Lemma frob2_ge0 p q (A : 'M[R]_(p, q)) : 0 <= frob2 A.
Proof.
by apply: sumr_ge0 => i _; apply: sumr_ge0 => j _; rewrite -expr2 sqr_ge0.
Qed.

Lemma frob2_trmx p q (A : 'M[R]_(p, q)) : frob2 A^T = frob2 A.
Proof. exact: frob_inner_trmx. Qed.

Lemma frob2Z p q t (A : 'M[R]_(p, q)) : frob2 (t *: A) = t ^+ 2 * frob2 A.
Proof. by rewrite /frob2 frob_innerZl frob_innerZr mulrA expr2. Qed.

Lemma frob2N p q (A : 'M[R]_(p, q)) : frob2 (- A) = frob2 A.
Proof. by rewrite /frob2 frob_innerNl frob_innerNr opprK. Qed.

Lemma frob2_lineE p q t (A B : 'M[R]_(p, q)) :
  frob2 (A + t *: B) = frob2 A + 2 * t * frob_inner A B + t ^+ 2 * frob2 B.
Proof.
rewrite /frob2 !(frob_innerDl, frob_innerDr, frob_innerZl, frob_innerZr).
rewrite [frob_inner B A]frob_innerC; ring.
Qed.

Lemma frob2_quadE p q t (A B C : 'M[R]_(p, q)) :
  frob2 (A + t *: B + t ^+ 2 *: C) = frob2 A + 2 * t * frob_inner A B
    + t ^+ 2 * (frob2 B + 2 * frob_inner A C) + 2 * t ^+ 3 * frob_inner B C
    + t ^+ 4 * frob2 C.
Proof.
rewrite /frob2 !(frob_innerDl, frob_innerDr, frob_innerZl, frob_innerZr).
rewrite [frob_inner B A]frob_innerC [frob_inner C A]frob_innerC.
rewrite [frob_inner C B]frob_innerC; ring.
Qed.

Lemma frob2D_le p q (A B : 'M[R]_(p, q)) :
  frob2 (A + B) <= 2 * frob2 A + 2 * frob2 B.
Proof.
have := frob2_ge0 (A - B); rewrite -scaleN1r frob2_lineE.
by rewrite -[B]scale1r frob2_lineE !scale1r expr1n sqrrN expr1n; lra.
Qed.

Lemma frob_inner_sqr_le p q (A B : 'M[R]_(p, q)) :
  frob_inner A B ^+ 2 <= frob2 A * frob2 B.
Proof.
rewrite /frob2 /frob_inner !pair_bigA /=.
have := sum_mul_sqr_le (fun x : 'I_p * 'I_q => A x.1 x.2) (fun x => B x.1 x.2).
by rewrite /= !(eq_bigr _ (fun x _ => expr2 _)).
Qed.

Lemma frob_inner_le p q (A B : 'M[R]_(p, q)) :
  frob_inner A B <= Num.sqrt (frob2 A) * Num.sqrt (frob2 B).
Proof.
rewrite -sqrtrM ?frob2_ge0 //; apply: le_trans (ler_norm _) _.
by rewrite -sqrtr_sqr ler_wsqrtr // frob_inner_sqr_le.
Qed.

Lemma frob2_mulmx_le p k q (A : 'M[R]_(p, k)) (B : 'M[R]_(k, q)) :
  frob2 (A *m B) <= frob2 A * frob2 B.
Proof.
rewrite /frob2 /frob_inner.
apply: (@le_trans _ _ (\sum_(i < p) \sum_(j < q)
   (\sum_(l < k) A i l ^+ 2) * (\sum_(l < k) B l j ^+ 2))).
  apply: ler_sum => i _; apply: ler_sum => j _; rewrite -expr2 mxE.
  exact: (sum_mul_sqr_le (fun l => A i l) (fun l => B l j)).
rewrite mulr_suml; apply: ler_sum => i _.
rewrite [X in _ <= _ * X]exchange_big mulr_sumr; apply: ler_sum => j _.
by rewrite !(eq_bigr _ (fun x _ => expr2 _)).
Qed.

Lemma frob2_sym_mulmx_le p q (H M : 'M[R]_(p, q)) :
  frob2 (H *m M^T + M *m H^T) <= 4 * frob2 H * frob2 M.
Proof.
apply: le_trans (frob2D_le _ _) _.
have := frob2_mulmx_le H M^T; have := frob2_mulmx_le M H^T.
rewrite !frob2_trmx; lra.
Qed.

Lemma frob_inner1_mulmx_tr p q (A : 'M[R]_(p, q)) :
  frob_inner 1%:M (A *m A^T) = frob2 A.
Proof. by rewrite frob_innerC frob_inner_mulmxl mulmx1 /frob2 frob_inner_trmx. Qed.

Lemma frob_inner_mulmx_tr p q (W H : 'M[R]_(p, q)) :
  frob_inner (W *m W^T) (H *m H^T) = frob2 (W^T *m H).
Proof.
rewrite frob_inner_mulmxl -frob_inner_trmx trmxK !trmx_mul trmxK -mulmxA.
rewrite frob_innerC frob_inner_mulmxl trmxK -[H^T *m W]trmxK trmx_mul trmxK.
by rewrite /frob2 frob_inner_trmx.
Qed.

End Frobenius.

Section MatrixIdentities.
Variable R : realType.

Lemma mulmx_trmx_line p q (y h : 'M[R]_(p, q)) (t : R) :
  (y + t *: h) *m (y + t *: h)^T =
  y *m y^T + t *: (h *m y^T + y *m h^T) + t ^+ 2 *: (h *m h^T).
Proof.
rewrite raddfD /= linearZ /= mulmxDl !mulmxDr -!scalemxAl -!scalemxAr scalerA.
by apply/matrixP => i j; rewrite !mxE; ring.
Qed.

Lemma mulmx_trmx_subE p q (x y : 'M[R]_(p, q)) :
  let M := y + 2^-1 *: (x - y) in
  x *m x^T - y *m y^T = (x - y) *m M^T + M *m (x - y)^T.
Proof.
move=> /=; set h := x - y.
have -> : x = y + 1 *: h by rewrite scale1r addrC subrK.
clearbody h; rewrite mulmx_trmx_line expr1n !scale1r.
rewrite [(y + _)^T]raddfD /= [(_ *: _)^T]linearZ /= mulmxDl mulmxDr.
rewrite -scalemxAl -scalemxAr.
by apply/matrixP => i j; rewrite !mxE; field.
Qed.

End MatrixIdentities.

Section SpectralNorm.
Variable R : realType.
Implicit Types (p q k : nat) (t : R).

Lemma vnorm2Z q t (x : 'cV[R]_q) : vnorm2 (t *: x) = `|t| * vnorm2 x.
Proof. by rewrite /vnorm2 frob2Z sqrtrM ?sqr_ge0 // sqrtr_sqr. Qed.

Lemma vnorm2_mulmx_le_frob p q (A : 'M[R]_(p, q)) (x : 'cV[R]_q) :
  vnorm2 (A *m x) <= Num.sqrt (frob2 A) * vnorm2 x.
Proof. by rewrite -sqrtrM ?frob2_ge0 // ler_wsqrtr // frob2_mulmx_le. Qed.

Lemma specnorm_ub p q (A : 'M[R]_(p, q)) (x : 'cV[R]_q) :
  vnorm2 x <= 1 -> vnorm2 (A *m x) <= specnorm A.
Proof.
move=> x_le1; apply: ub_le_sup; last by exists x.
exists (Num.sqrt (frob2 A)) => _ [y y_le1 <-].
apply: le_trans (vnorm2_mulmx_le_frob A y) _.
by rewrite ler_piMr ?sqrtr_ge0.
Qed.

Lemma vnorm2_mulmx_le p q (A : 'M[R]_(p, q)) (x : 'cV[R]_q) :
  vnorm2 (A *m x) <= specnorm A * vnorm2 x.
Proof.
have [x0|x_neq0] := eqVneq (vnorm2 x) 0.
  by have := vnorm2_mulmx_le_frob A x; rewrite x0 !mulr0.
have x_gt0 : 0 < vnorm2 x by rewrite lt_def x_neq0 sqrtr_ge0.
have xV_ge0 : 0 <= (vnorm2 x)^-1 by rewrite invr_ge0 ltW.
rewrite -ler_pdivrMr //.
have -> : vnorm2 (A *m x) / vnorm2 x = vnorm2 (A *m ((vnorm2 x)^-1 *: x)).
  by rewrite -scalemxAr vnorm2Z ger0_norm // mulrC.
by apply: specnorm_ub; rewrite vnorm2Z ger0_norm // mulVf.
Qed.

Lemma col_mulmx p k q (A : 'M[R]_(p, k)) (B : 'M[R]_(k, q)) j :
  col j (A *m B) = A *m col j B.
Proof.
by apply/matrixP => i l; rewrite !mxE; apply: eq_bigr => u _; rewrite !mxE.
Qed.

Lemma frob2_sum_col p q (M : 'M[R]_(p, q)) : frob2 M = \sum_(j < q) frob2 (col j M).
Proof.
rewrite /frob2 /frob_inner exchange_big; apply: eq_bigr => j _.
by apply: eq_bigr => i _; rewrite big_ord1 !mxE.
Qed.

Lemma frob2_mulmx_le_specl p k q (A : 'M[R]_(p, k)) (B : 'M[R]_(k, q)) :
  frob2 (A *m B) <= specnorm (A^T *m A) * frob2 B.
Proof.
rewrite frob2_sum_col [frob2 B]frob2_sum_col mulr_sumr; apply: ler_sum => j _.
rewrite col_mulmx /frob2 frob_inner_mulmxl mulmxA.
apply: le_trans (frob_inner_le _ _) _.
apply: le_trans (ler_wpM2l (sqrtr_ge0 _) (vnorm2_mulmx_le _ _)) _.
by rewrite mulrCA -expr2 sqr_sqrtr // frob2_ge0.
Qed.

Lemma frob2_mulmx_le_specr p k q (A : 'M[R]_(p, k)) (B : 'M[R]_(k, q)) :
  frob2 (A *m B) <= specnorm (B *m B^T) * frob2 A.
Proof.
by rewrite -frob2_trmx trmx_mul -[X in specnorm (X *m _)]trmxK -(frob2_trmx A);
  apply: frob2_mulmx_le_specl.
Qed.

End SpectralNorm.

Section EntrywiseDifferentiability.
Variables (R : realType) (p q : nat) (y : 'M[R]_(p, q)).

Definition mx_differentiable a b (F : 'M[R]_(p, q) -> 'M[R]_(a, b)) :=
  forall i j, differentiable (fun x => F x i j) y.

Lemma mx_differentiable_id : mx_differentiable id.
Proof. by move=> i j; exact: differentiable_coord. Qed.

Lemma mx_differentiable_cst a b (M : 'M[R]_(a, b)) : mx_differentiable (fun _ => M).
Proof. by move=> i j; exact: differentiable_cst. Qed.

Lemma mx_differentiableB a b (F G : 'M[R]_(p, q) -> 'M[R]_(a, b)) :
  mx_differentiable F -> mx_differentiable G -> mx_differentiable (fun x => F x - G x).
Proof.
move=> dF dG i j; rewrite (_ : (fun x => _) = (fun x => F x i j - G x i j)).
  exact: differentiableB.
by apply/funext => x; rewrite !mxE.
Qed.

Lemma mx_differentiable_trmx a b (F : 'M[R]_(p, q) -> 'M[R]_(a, b)) :
  mx_differentiable F -> mx_differentiable (fun x => (F x)^T).
Proof.
move=> dF i j; rewrite (_ : (fun x => _) = (fun x => F x j i)); first exact: dF.
by apply/funext => x; rewrite mxE.
Qed.

Lemma mx_differentiable_mulmx a b c (F : 'M[R]_(p, q) -> 'M[R]_(a, b))
    (G : 'M[R]_(p, q) -> 'M[R]_(b, c)) :
  mx_differentiable F -> mx_differentiable G -> mx_differentiable (fun x => F x *m G x).
Proof.
move=> dF dG i j.
rewrite (_ : (fun x => _) = (fun x => \sum_(l < b) F x i l * G x l j)).
  by rewrite -fct_sumE; apply: differentiable_sum => l; exact: differentiableM.
by apply/funext => x; rewrite mxE.
Qed.

Lemma differentiable_frob2 a b (F : 'M[R]_(p, q) -> 'M[R]_(a, b)) :
  mx_differentiable F -> differentiable (fun x => frob2 (F x)) y.
Proof.
move=> dF; rewrite /frob2 /frob_inner -fct_sumE; apply: differentiable_sum => i.
by rewrite -fct_sumE; apply: differentiable_sum => j; exact: differentiableM.
Qed.

End EntrywiseDifferentiability.

Section BregmanOfQuartic.
Variables (R : realType) (p q : nat).

Lemma derive_along_poly (f : 'M[R]_(p, q) -> R) (y h : 'M[R]_(p, q)) (P : {poly R}) :
  (forall t, f (y + t *: h) = P.[t]) -> 'D_h f y = P`_1.
Proof.
move=> fP; have fP0 : f y = P.[0] by rewrite -fP scale0r addr0.
have -> : 'D_h f y = 'D_1 (horner P) 0.
  rewrite /derive; set d := (fun _ : R => _); set d' := (fun _ : R => _).
  suff -> : d = d' by []; apply/funext => t; rewrite /d /d' /=.
  by rewrite [t *: h + y]addrC fP fP0 addr0 -[t%:A]/(t * 1) mulr1.
by rewrite derive_val horner_coef0 coef_deriv.
Qed.

Lemma bregman_quartic (f : 'M[R]_(p, q) -> R) (x y : 'M[R]_(p, q))
    (a0 a1 a2 a3 a4 : R) :
  differentiable f y ->
  (forall t, f (y + t *: (x - y)) =
     a0 + a1 * t + a2 * t ^+ 2 + a3 * t ^+ 3 + a4 * t ^+ 4) ->
  bregman f x y = a2 + a3 + a4.
Proof.
move=> df fP; pose P := Poly [:: a0; a1; a2; a3; a4].
have {}fP t : f (y + t *: (x - y)) = P.[t] by rewrite fP horner_Poly /=; ring.
have fx : f x = P.[1] by rewrite -fP scale1r addrC subrK.
have fy : f y = P.[0] by rewrite -fP scale0r addr0.
rewrite /bregman -deriveE // (_ : 'D_(x - y) f y = P`_1); last exact: derive_along_poly.
by rewrite fx fy coef_Poly !horner_Poly /=; ring.
Qed.

End BregmanOfQuartic.

Section BregmanDivergences.
Variables (R : realType) (m n r : nat) (lam : R).
Implicit Types (X : 'M[R]_(m, n)) (U : 'M[R]_(m, r)) (V : 'M[R]_(r, n)).

Lemma bregman_fobj_U X V (x y : 'M[R]_(m, r)) :
  bregman (fun U => fobj lam X U V) x y = 2^-1 * frob2 ((x - y) *m V).
Proof.
set H := x - y.
rewrite (@bregman_quartic _ _ _ _ x y (fobj lam X y V)
  (frob_inner (X - y *m V) (- (H *m V))) (2^-1 * frob2 (H *m V)) 0 0).
- by rewrite !addr0.
- apply: differentiableD; last exact: differentiable_cst.
  apply: differentiableM; first exact: differentiable_cst.
  apply: differentiable_frob2; apply: mx_differentiableB.
    exact: mx_differentiable_cst.
  exact: mx_differentiable_mulmx (mx_differentiable_id _)
    (mx_differentiable_cst _ V).
- move=> t; rewrite /fobj -/H.
  have -> : X - (y + t *: H) *m V = (X - y *m V) + t *: - (H *m V).
    by rewrite mulmxDl -scalemxAl opprD addrA scalerN.
  by rewrite frob2_lineE frob2N; field.
Qed.

Lemma bregman_phi1 V (x y : 'M[R]_(m, r)) :
  bregman (fun U => phi1 U V) x y = 2^-1 * frob2 (x - y).
Proof.
rewrite (@bregman_quartic _ _ _ _ x y (phi1 y V) (frob_inner y (x - y))
  (2^-1 * frob2 (x - y)) 0 0).
- by rewrite !addr0.
- apply: differentiableM; first exact: differentiable_cst.
  exact/differentiable_frob2/mx_differentiable_id.
- by move=> t; rewrite /phi1 frob2_lineE; field.
Qed.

(Action item)
From the first line of the material above down to the line with "frob2 (A + t *: B +", output each line exactly; include both of those lines and add no others.

(Finished task)
Lemma frob2_ge0 p q (A : 'M[R]_(p, q)) : 0 <= frob2 A.
Proof.
by apply: sumr_ge0 => i _; apply: sumr_ge0 => j _; rewrite -expr2 sqr_ge0.
Qed.

Lemma frob2_trmx p q (A : 'M[R]_(p, q)) : frob2 A^T = frob2 A.
Proof. exact: frob_inner_trmx. Qed.

Lemma frob2Z p q t (A : 'M[R]_(p, q)) : frob2 (t *: A) = t ^+ 2 * frob2 A.
Proof. by rewrite /frob2 frob_innerZl frob_innerZr mulrA expr2. Qed.

Lemma frob2N p q (A : 'M[R]_(p, q)) : frob2 (- A) = frob2 A.
Proof. by rewrite /frob2 frob_innerNl frob_innerNr opprK. Qed.

Lemma frob2_lineE p q t (A B : 'M[R]_(p, q)) :
  frob2 (A + t *: B) = frob2 A + 2 * t * frob_inner A B + t ^+ 2 * frob2 B.
Proof.
rewrite /frob2 !(frob_innerDl, frob_innerDr, frob_innerZl, frob_innerZr).
rewrite [frob_inner B A]frob_innerC; ring.
Qed.

Lemma frob2_quadE p q t (A B C : 'M[R]_(p, q)) :
  frob2 (A + t *: B + t ^+ 2 *: C) = frob2 A + 2 * t * frob_inner A B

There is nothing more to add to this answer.